DATA RECORDS:
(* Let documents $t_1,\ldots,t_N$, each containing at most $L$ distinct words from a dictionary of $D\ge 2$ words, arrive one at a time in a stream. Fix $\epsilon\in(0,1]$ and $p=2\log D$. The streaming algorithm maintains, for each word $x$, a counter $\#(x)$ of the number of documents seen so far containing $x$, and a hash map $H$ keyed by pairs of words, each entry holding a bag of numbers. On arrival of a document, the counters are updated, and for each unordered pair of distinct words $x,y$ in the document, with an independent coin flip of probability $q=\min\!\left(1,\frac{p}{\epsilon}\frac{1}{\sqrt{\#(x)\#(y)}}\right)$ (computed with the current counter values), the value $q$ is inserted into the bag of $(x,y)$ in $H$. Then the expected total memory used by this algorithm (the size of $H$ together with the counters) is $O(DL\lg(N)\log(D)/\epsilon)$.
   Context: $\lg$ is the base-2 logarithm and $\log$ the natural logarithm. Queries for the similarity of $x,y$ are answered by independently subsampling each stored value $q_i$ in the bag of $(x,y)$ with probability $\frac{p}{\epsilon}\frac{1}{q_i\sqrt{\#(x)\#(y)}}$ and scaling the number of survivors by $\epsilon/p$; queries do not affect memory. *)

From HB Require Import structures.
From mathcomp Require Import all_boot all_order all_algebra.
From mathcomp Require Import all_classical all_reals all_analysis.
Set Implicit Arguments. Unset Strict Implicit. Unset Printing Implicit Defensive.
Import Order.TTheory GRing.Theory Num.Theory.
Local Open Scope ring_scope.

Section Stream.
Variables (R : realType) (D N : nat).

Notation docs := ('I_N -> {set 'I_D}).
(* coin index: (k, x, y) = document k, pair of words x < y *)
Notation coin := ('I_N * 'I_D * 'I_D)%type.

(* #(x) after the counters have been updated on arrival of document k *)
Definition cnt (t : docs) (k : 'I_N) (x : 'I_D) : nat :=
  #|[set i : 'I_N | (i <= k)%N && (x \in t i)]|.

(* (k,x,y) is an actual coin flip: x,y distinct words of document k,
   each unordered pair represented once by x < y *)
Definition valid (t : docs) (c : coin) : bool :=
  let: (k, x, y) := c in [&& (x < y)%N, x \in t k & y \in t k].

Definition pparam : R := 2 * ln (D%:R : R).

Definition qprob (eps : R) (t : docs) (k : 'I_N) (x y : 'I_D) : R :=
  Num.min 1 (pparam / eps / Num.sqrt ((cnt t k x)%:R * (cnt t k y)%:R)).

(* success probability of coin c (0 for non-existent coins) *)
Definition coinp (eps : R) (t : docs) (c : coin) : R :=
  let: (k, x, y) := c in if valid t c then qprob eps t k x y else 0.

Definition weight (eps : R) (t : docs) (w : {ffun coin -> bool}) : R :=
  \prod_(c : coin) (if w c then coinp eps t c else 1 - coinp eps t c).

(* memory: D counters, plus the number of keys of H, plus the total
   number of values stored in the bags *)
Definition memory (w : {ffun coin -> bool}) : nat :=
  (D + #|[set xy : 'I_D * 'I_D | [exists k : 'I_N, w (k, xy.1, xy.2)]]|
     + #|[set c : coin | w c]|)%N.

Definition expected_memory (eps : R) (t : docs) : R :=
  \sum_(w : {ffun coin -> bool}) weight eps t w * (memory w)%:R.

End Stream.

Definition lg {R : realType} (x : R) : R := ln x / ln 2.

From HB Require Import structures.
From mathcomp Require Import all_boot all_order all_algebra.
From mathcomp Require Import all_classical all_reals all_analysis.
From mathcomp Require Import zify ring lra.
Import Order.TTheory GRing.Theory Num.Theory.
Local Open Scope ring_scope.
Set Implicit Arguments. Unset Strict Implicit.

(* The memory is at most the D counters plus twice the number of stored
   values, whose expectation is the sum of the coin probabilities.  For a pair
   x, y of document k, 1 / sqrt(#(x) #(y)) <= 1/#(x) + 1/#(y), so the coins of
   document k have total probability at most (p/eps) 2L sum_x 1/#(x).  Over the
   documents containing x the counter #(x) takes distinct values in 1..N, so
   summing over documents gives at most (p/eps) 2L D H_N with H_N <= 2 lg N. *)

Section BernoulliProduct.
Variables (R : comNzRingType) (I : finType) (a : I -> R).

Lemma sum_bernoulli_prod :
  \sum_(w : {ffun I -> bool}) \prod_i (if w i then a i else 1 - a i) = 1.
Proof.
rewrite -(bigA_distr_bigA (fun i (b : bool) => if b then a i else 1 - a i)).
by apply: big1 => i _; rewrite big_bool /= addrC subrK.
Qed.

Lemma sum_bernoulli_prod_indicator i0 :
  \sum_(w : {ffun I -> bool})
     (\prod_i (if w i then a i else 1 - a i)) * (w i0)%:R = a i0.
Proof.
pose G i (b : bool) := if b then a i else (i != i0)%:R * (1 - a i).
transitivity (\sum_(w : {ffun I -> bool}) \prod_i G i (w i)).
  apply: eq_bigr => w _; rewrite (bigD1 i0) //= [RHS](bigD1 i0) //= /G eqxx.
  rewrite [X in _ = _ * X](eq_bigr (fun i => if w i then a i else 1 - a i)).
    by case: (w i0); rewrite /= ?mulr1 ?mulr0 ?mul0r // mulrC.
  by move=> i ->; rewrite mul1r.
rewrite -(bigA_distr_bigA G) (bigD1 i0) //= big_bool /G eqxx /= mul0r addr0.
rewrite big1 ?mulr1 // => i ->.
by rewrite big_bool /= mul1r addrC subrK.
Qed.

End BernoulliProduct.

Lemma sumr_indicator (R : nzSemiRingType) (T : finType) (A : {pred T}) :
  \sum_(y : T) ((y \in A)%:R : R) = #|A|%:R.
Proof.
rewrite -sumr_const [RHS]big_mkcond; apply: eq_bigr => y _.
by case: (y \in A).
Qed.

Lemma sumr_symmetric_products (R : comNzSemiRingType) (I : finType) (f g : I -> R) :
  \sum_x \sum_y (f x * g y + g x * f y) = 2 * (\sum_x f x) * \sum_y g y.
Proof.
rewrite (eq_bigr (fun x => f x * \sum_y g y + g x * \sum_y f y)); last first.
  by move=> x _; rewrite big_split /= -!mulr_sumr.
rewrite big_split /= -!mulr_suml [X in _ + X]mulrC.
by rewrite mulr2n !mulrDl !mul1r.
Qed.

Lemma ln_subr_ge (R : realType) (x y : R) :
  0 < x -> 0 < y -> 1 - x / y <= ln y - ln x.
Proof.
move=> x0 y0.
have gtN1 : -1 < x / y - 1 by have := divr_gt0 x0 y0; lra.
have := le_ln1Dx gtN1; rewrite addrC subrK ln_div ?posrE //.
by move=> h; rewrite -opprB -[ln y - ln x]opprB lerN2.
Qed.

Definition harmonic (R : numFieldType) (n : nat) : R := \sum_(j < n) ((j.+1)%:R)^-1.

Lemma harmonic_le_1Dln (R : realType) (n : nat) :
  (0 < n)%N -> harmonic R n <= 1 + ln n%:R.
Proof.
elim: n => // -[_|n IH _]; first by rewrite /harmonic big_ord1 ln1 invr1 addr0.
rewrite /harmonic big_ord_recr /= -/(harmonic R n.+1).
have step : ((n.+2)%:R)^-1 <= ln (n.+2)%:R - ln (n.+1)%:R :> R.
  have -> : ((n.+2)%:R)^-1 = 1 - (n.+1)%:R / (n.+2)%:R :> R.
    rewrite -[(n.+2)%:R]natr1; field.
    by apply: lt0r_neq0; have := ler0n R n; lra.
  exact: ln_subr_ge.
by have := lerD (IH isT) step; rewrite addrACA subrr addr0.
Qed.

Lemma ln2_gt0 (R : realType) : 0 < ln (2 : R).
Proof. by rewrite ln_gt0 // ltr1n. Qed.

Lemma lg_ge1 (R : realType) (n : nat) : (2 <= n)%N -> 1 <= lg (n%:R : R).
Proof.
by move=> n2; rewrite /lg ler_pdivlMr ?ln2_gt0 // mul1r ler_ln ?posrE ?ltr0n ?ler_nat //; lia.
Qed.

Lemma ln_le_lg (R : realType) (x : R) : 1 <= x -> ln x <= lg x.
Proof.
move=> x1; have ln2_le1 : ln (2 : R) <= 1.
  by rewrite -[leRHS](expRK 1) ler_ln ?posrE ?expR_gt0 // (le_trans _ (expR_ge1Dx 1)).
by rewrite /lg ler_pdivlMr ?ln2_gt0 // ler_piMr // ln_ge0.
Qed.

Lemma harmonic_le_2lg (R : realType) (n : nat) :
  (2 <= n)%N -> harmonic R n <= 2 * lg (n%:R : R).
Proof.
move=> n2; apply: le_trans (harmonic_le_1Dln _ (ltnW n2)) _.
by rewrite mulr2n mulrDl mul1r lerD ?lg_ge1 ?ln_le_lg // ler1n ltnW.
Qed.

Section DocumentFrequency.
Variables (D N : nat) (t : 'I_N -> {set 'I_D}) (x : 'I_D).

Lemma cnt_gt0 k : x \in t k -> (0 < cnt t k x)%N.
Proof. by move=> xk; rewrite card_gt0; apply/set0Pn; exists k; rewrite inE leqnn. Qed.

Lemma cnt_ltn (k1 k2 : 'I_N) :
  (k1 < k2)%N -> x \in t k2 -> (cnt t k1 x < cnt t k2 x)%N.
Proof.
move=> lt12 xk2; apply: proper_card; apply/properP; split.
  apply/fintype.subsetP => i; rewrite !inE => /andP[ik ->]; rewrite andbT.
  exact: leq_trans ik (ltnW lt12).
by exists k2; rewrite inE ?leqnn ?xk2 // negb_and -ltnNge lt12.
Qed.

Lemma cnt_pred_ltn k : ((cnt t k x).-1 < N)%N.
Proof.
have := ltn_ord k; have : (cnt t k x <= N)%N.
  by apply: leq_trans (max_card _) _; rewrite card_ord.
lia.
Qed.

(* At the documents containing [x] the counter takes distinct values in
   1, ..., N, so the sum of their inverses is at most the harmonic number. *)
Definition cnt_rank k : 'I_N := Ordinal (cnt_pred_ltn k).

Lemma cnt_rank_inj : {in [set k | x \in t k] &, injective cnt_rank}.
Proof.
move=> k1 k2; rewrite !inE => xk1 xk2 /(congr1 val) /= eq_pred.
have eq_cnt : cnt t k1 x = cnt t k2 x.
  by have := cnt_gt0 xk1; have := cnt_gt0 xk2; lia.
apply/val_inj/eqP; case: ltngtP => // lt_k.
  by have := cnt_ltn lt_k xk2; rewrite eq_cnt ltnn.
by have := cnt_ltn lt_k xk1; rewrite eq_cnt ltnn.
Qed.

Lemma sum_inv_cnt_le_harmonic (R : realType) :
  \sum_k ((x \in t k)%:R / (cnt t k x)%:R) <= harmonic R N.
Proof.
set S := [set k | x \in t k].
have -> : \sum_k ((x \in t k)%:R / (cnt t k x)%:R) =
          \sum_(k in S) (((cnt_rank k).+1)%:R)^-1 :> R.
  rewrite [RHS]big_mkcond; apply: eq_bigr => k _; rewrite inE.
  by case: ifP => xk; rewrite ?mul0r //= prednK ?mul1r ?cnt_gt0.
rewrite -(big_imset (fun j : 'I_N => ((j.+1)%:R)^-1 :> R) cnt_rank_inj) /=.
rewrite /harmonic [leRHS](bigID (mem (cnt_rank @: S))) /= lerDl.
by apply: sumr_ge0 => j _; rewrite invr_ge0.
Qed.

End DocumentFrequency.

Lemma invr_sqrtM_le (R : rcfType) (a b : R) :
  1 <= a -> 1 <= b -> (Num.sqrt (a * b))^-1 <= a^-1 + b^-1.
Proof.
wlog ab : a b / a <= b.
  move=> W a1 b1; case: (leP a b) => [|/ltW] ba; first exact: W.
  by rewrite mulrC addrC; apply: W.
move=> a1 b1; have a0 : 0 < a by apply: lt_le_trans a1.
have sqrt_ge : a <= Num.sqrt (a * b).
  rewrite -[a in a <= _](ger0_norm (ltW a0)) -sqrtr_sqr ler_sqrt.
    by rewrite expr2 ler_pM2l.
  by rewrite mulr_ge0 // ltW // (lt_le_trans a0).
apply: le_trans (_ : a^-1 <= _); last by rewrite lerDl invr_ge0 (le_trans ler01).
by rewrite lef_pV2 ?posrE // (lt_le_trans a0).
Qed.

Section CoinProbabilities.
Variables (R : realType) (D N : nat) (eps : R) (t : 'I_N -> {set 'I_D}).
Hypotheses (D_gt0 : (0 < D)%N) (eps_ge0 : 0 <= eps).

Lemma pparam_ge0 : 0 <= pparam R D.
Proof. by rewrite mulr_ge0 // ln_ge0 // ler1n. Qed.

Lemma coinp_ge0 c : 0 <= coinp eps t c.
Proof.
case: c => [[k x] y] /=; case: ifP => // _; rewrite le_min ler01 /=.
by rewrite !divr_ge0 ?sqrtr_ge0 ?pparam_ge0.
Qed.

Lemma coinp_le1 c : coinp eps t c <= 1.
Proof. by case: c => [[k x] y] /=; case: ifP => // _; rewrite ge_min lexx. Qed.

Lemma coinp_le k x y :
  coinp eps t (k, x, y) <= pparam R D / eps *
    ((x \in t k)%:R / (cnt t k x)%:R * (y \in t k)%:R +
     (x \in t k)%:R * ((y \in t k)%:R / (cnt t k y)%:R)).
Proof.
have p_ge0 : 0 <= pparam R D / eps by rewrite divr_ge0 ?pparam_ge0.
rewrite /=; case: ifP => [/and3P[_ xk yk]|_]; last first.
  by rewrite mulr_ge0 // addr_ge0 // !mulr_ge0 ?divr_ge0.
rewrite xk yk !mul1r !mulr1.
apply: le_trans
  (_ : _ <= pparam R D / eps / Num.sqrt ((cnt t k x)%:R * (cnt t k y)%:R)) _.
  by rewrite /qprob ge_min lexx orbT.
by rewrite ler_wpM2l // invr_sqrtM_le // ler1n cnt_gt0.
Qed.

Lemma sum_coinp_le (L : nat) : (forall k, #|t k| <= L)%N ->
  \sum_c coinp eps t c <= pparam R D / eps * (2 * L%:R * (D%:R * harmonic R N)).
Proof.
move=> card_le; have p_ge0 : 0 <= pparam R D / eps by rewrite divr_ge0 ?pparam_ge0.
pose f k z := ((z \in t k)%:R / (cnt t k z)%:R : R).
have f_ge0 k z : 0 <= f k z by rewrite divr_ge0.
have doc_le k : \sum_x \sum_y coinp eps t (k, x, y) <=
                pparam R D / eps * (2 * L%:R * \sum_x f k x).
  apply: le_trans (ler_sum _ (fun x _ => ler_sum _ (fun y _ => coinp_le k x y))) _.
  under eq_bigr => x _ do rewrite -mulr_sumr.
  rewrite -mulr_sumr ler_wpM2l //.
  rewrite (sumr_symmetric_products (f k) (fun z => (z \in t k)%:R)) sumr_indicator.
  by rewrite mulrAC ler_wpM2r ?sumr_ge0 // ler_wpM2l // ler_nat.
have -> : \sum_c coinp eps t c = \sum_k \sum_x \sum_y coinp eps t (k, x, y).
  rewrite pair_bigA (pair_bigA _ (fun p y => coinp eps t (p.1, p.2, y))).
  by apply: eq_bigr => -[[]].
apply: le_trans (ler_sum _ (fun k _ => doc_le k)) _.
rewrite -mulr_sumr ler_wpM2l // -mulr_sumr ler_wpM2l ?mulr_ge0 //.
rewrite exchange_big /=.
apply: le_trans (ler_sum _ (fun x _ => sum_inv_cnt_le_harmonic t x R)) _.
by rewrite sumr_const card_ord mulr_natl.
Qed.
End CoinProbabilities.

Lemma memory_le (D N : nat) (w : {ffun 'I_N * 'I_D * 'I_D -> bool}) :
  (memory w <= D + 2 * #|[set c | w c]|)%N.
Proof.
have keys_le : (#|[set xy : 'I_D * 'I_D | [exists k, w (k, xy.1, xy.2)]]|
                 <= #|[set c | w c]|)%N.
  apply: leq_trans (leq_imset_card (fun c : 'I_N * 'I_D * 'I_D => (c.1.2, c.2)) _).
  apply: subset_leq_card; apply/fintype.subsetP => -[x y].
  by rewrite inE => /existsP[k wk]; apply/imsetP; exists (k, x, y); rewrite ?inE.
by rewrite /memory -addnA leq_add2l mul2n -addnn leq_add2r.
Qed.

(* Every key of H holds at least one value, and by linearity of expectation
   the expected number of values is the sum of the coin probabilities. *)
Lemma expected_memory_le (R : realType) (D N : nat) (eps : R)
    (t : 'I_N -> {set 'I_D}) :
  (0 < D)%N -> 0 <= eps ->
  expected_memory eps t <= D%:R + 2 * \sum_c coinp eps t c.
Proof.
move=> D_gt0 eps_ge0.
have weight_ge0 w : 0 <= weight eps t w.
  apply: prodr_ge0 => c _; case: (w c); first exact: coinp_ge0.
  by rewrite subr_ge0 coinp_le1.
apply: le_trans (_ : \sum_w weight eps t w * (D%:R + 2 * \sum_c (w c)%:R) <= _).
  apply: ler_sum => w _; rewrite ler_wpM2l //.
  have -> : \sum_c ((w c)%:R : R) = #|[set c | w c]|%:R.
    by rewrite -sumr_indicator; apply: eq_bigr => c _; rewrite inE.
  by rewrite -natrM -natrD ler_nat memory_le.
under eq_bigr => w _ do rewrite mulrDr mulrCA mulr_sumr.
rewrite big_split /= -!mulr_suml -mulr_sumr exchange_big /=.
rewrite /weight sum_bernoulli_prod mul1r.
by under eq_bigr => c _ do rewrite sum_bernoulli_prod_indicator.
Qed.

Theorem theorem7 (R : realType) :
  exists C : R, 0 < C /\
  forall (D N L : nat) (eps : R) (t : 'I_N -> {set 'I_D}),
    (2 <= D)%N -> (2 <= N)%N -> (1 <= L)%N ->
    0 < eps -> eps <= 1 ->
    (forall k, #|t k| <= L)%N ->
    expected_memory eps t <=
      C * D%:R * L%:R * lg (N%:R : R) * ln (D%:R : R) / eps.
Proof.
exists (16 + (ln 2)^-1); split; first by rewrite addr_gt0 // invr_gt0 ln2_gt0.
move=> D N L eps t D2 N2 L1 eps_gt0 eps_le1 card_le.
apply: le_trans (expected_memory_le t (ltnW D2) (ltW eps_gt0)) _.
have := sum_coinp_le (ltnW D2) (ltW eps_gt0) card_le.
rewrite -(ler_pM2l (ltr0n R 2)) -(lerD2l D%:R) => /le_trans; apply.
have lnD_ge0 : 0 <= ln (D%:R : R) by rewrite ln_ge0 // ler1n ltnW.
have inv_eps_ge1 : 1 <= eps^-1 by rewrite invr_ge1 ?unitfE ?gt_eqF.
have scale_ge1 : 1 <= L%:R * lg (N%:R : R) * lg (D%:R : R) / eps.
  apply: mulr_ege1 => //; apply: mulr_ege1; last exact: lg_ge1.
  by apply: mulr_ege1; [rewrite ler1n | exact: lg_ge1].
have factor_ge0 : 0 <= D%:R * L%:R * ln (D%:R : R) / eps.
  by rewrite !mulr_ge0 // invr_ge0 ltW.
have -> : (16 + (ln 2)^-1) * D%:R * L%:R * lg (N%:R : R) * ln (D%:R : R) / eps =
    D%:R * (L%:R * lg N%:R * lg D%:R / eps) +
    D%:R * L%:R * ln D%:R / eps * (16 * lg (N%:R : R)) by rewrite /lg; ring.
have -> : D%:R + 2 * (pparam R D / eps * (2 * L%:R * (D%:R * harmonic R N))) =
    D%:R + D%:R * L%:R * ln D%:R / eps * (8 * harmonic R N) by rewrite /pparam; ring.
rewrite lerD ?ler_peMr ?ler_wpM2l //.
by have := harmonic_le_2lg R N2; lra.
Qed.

WORK INSTRUCTIONS: From the records above, copy out the line with "by apply: lt0r_neq0;", the line with "apply/val_inj/eqP; case: ltngtP => // lt_k.", and every line between them, word for word.

TASK SOLUTION:
    by apply: lt0r_neq0; have := ler0n R n; lra.
  exact: ln_subr_ge.
by have := lerD (IH isT) step; rewrite addrACA subrr addr0.
Qed.

Lemma ln2_gt0 (R : realType) : 0 < ln (2 : R).
Proof. by rewrite ln_gt0 // ltr1n. Qed.

Lemma lg_ge1 (R : realType) (n : nat) : (2 <= n)%N -> 1 <= lg (n%:R : R).
Proof.
by move=> n2; rewrite /lg ler_pdivlMr ?ln2_gt0 // mul1r ler_ln ?posrE ?ltr0n ?ler_nat //; lia.
Qed.

Lemma ln_le_lg (R : realType) (x : R) : 1 <= x -> ln x <= lg x.
Proof.
move=> x1; have ln2_le1 : ln (2 : R) <= 1.
  by rewrite -[leRHS](expRK 1) ler_ln ?posrE ?expR_gt0 // (le_trans _ (expR_ge1Dx 1)).
by rewrite /lg ler_pdivlMr ?ln2_gt0 // ler_piMr // ln_ge0.
Qed.

Lemma harmonic_le_2lg (R : realType) (n : nat) :
  (2 <= n)%N -> harmonic R n <= 2 * lg (n%:R : R).
Proof.
move=> n2; apply: le_trans (harmonic_le_1Dln _ (ltnW n2)) _.
by rewrite mulr2n mulrDl mul1r lerD ?lg_ge1 ?ln_le_lg // ler1n ltnW.
Qed.

Section DocumentFrequency.
Variables (D N : nat) (t : 'I_N -> {set 'I_D}) (x : 'I_D).

Lemma cnt_gt0 k : x \in t k -> (0 < cnt t k x)%N.
Proof. by move=> xk; rewrite card_gt0; apply/set0Pn; exists k; rewrite inE leqnn. Qed.

Lemma cnt_ltn (k1 k2 : 'I_N) :
  (k1 < k2)%N -> x \in t k2 -> (cnt t k1 x < cnt t k2 x)%N.
Proof.
move=> lt12 xk2; apply: proper_card; apply/properP; split.
  apply/fintype.subsetP => i; rewrite !inE => /andP[ik ->]; rewrite andbT.
  exact: leq_trans ik (ltnW lt12).
by exists k2; rewrite inE ?leqnn ?xk2 // negb_and -ltnNge lt12.
Qed.

Lemma cnt_pred_ltn k : ((cnt t k x).-1 < N)%N.
Proof.
have := ltn_ord k; have : (cnt t k x <= N)%N.
  by apply: leq_trans (max_card _) _; rewrite card_ord.
lia.
Qed.

(* At the documents containing [x] the counter takes distinct values in
   1, ..., N, so the sum of their inverses is at most the harmonic number. *)
Definition cnt_rank k : 'I_N := Ordinal (cnt_pred_ltn k).

Lemma cnt_rank_inj : {in [set k | x \in t k] &, injective cnt_rank}.
Proof.
move=> k1 k2; rewrite !inE => xk1 xk2 /(congr1 val) /= eq_pred.
have eq_cnt : cnt t k1 x = cnt t k2 x.
  by have := cnt_gt0 xk1; have := cnt_gt0 xk2; lia.
apply/val_inj/eqP; case: ltngtP => // lt_k.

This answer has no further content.